* [BRIEF]
Search the records for lines that contain the word "iota". Copy them all.

* [DATASET CONTENT]
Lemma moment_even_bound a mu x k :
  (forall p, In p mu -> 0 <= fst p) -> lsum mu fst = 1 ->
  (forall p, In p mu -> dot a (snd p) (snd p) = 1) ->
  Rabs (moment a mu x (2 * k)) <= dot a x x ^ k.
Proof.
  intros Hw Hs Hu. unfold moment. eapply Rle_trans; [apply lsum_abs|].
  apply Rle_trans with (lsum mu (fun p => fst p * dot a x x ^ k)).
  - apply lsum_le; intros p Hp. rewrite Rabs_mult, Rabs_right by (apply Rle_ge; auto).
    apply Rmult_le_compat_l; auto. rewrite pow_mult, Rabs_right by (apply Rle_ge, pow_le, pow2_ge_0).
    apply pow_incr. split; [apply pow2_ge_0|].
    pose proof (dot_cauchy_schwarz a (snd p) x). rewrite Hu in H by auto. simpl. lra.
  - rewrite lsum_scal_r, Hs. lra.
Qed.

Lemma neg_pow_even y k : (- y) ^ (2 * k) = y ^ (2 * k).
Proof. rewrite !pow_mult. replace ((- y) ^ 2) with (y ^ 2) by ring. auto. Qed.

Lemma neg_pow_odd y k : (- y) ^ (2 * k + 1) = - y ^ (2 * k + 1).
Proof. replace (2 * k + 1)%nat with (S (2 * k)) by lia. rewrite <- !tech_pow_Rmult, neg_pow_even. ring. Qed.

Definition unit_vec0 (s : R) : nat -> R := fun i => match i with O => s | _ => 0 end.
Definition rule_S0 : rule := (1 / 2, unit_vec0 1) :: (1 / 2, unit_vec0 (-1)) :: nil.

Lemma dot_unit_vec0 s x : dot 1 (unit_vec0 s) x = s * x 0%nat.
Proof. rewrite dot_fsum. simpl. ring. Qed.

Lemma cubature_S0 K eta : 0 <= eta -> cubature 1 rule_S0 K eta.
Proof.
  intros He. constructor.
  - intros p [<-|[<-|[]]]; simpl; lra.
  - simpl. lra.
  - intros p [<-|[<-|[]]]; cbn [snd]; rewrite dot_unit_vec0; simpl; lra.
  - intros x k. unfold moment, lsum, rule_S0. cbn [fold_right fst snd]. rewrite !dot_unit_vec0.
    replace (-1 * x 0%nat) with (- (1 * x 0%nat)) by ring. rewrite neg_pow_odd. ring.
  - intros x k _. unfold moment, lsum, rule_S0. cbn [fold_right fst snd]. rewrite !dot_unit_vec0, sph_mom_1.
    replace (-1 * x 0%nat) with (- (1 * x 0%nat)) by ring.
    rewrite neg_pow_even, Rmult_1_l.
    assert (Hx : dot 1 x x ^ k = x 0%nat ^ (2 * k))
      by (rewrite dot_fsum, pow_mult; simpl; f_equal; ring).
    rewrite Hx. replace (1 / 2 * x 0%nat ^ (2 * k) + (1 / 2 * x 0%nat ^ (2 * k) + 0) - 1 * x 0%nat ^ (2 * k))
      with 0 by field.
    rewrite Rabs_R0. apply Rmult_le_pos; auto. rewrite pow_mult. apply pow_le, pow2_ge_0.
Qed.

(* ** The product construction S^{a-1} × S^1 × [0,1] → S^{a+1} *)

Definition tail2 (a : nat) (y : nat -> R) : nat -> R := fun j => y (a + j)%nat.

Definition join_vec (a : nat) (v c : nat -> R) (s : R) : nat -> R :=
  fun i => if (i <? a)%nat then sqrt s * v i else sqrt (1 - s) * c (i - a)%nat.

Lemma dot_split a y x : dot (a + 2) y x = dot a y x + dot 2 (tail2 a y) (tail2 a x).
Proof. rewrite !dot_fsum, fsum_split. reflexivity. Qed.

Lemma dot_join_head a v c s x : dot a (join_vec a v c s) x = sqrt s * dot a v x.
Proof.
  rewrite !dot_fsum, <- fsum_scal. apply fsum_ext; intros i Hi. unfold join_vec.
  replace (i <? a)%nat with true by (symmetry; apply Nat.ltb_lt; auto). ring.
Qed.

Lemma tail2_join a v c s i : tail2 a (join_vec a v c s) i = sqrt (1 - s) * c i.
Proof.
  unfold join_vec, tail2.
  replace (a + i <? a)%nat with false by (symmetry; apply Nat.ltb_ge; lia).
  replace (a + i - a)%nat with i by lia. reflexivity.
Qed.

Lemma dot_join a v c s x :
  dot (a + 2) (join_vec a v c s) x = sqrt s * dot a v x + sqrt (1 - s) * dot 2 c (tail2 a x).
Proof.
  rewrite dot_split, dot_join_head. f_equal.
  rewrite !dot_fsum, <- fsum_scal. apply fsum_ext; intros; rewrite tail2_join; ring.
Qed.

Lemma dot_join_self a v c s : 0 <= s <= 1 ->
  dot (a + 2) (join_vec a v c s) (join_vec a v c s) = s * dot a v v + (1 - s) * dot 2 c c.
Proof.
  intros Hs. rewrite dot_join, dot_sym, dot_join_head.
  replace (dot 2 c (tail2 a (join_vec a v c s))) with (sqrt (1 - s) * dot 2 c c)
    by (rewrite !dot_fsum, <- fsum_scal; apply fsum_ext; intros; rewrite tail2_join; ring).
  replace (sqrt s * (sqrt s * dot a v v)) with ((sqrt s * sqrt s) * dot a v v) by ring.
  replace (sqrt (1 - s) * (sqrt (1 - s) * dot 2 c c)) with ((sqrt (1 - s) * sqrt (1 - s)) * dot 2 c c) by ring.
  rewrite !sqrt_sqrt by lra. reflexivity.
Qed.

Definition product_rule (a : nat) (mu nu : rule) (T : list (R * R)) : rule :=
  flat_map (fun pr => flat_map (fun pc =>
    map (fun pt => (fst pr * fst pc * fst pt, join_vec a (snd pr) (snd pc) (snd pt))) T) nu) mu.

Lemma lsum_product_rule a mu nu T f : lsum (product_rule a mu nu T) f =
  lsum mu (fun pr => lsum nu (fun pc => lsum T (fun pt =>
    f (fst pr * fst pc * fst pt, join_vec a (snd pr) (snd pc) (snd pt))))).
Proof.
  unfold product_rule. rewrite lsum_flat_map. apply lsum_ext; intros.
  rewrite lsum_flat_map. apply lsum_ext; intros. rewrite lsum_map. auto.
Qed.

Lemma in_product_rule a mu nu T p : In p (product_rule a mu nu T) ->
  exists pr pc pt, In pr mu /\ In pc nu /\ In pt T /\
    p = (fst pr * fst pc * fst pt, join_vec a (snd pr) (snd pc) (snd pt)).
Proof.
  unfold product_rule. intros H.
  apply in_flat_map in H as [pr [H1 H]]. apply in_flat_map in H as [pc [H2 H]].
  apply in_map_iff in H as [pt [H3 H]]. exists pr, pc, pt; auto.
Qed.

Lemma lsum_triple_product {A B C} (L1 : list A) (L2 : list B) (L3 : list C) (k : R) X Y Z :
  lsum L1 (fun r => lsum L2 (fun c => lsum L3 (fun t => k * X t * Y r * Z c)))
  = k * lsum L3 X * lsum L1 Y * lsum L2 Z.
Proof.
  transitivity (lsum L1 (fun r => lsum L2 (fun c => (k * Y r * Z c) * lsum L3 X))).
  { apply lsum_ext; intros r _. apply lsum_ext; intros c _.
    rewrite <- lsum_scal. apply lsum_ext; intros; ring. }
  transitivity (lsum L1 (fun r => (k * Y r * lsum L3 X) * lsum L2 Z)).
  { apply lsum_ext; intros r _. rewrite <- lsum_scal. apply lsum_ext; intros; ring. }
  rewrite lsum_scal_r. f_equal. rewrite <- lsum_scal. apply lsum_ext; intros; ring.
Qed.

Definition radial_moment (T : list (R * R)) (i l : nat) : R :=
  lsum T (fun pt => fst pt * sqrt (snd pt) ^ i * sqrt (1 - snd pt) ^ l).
* * *
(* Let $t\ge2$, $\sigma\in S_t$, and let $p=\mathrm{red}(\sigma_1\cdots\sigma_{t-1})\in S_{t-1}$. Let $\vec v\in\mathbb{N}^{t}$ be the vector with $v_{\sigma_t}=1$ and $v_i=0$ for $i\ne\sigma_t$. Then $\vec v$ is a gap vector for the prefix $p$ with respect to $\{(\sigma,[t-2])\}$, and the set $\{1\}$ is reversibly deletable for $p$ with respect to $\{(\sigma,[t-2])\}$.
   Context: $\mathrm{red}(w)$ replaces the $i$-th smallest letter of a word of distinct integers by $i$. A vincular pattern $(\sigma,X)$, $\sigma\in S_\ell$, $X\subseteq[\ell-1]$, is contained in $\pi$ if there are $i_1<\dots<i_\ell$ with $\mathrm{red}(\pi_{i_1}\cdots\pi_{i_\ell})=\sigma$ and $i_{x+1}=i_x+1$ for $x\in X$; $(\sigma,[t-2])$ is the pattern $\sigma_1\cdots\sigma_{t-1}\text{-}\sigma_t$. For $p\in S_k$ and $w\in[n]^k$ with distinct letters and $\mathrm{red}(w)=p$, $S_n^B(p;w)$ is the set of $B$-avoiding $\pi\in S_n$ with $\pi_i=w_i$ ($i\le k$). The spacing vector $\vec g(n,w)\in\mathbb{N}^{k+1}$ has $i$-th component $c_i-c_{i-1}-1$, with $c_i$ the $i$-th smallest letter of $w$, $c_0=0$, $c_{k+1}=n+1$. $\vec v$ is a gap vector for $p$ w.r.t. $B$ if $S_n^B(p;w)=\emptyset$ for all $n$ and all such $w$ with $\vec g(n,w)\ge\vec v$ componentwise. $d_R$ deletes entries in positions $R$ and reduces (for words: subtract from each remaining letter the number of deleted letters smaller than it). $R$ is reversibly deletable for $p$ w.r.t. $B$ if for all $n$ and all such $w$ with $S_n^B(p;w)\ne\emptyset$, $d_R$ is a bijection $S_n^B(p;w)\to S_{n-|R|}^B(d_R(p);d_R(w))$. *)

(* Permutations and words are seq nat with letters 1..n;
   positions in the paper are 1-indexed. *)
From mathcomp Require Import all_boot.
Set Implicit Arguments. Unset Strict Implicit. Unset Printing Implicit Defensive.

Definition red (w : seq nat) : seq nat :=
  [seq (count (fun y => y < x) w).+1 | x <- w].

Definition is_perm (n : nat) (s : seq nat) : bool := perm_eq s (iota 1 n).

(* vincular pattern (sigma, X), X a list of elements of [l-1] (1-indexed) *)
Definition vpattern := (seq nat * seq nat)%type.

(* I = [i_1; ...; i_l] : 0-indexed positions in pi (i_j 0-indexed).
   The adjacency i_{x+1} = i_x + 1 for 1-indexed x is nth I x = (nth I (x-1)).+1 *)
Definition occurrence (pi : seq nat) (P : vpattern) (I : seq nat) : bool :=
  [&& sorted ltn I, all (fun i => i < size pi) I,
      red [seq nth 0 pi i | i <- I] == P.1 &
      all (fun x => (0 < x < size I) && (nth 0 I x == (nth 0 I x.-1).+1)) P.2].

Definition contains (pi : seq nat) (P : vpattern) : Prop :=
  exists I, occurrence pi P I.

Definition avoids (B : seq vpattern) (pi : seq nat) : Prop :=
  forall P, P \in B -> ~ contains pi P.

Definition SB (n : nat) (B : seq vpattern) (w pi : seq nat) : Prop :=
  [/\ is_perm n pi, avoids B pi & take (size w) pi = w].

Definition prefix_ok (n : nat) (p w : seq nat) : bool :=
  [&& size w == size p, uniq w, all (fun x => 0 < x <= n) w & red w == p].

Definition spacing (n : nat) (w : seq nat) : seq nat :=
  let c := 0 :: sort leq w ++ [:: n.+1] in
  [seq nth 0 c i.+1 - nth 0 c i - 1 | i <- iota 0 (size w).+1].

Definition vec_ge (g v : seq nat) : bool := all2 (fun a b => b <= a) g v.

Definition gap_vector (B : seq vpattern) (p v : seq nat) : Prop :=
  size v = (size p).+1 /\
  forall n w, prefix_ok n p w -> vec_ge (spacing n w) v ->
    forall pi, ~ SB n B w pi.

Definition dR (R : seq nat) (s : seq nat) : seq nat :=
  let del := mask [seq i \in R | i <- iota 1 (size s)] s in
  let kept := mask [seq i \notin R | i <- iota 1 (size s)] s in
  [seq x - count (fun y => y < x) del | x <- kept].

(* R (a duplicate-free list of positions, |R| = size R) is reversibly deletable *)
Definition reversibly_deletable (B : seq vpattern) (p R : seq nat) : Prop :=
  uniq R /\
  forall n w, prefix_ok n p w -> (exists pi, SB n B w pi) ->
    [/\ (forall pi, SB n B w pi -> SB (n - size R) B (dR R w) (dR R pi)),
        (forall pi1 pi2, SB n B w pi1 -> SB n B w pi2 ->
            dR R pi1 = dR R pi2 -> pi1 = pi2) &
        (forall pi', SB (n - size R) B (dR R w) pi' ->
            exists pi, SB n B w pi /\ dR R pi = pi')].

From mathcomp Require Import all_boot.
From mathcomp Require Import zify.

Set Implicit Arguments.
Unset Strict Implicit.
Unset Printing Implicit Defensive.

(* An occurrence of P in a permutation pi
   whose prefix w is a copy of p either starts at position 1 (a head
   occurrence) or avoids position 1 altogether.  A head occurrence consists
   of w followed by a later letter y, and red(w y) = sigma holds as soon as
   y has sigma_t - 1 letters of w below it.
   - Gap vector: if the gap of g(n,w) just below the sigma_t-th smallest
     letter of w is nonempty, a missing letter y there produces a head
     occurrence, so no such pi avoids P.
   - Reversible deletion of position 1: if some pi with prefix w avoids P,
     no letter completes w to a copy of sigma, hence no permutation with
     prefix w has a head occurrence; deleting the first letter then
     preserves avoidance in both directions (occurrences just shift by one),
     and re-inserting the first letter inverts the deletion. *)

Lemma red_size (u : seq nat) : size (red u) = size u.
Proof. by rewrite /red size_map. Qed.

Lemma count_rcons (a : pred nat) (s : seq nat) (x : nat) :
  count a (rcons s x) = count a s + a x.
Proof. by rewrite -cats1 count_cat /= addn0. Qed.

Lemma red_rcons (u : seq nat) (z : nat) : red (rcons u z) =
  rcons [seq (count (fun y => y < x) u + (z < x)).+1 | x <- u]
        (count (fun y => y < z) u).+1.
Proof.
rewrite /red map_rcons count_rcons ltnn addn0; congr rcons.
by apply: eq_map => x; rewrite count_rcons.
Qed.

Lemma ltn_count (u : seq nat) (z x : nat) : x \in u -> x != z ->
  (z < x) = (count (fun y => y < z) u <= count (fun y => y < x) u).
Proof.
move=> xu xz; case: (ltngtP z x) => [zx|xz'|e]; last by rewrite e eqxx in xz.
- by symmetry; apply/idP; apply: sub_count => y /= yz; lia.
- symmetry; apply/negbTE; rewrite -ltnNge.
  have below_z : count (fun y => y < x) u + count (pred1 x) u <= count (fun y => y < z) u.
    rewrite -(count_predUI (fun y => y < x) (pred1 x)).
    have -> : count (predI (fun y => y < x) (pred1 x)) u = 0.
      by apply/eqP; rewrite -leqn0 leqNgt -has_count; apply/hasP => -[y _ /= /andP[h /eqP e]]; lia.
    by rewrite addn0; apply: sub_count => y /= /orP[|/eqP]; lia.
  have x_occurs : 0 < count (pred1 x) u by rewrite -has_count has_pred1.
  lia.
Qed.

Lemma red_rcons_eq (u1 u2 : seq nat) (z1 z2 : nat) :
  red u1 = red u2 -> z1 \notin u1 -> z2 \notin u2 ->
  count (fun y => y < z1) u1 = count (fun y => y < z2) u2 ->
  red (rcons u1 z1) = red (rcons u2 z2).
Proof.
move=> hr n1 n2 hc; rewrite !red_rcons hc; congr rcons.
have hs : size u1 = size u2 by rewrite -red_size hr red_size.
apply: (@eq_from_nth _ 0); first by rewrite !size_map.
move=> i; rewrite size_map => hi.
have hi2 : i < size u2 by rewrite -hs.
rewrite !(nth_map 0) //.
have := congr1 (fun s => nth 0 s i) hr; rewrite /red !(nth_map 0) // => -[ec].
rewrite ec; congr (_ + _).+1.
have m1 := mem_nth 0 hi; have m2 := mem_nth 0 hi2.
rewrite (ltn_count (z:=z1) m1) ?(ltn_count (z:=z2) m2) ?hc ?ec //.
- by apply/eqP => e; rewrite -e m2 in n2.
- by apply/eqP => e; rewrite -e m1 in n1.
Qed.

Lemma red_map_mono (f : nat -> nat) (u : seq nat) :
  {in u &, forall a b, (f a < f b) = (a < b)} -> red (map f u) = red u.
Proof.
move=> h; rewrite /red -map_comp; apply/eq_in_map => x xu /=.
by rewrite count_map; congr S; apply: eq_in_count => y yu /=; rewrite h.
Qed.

* [ANSWER SECTION]
Definition is_perm (n : nat) (s : seq nat) : bool := perm_eq s (iota 1 n).
  [seq nth 0 c i.+1 - nth 0 c i - 1 | i <- iota 0 (size w).+1].
  let del := mask [seq i \in R | i <- iota 1 (size s)] s in
  let kept := mask [seq i \notin R | i <- iota 1 (size s)] s in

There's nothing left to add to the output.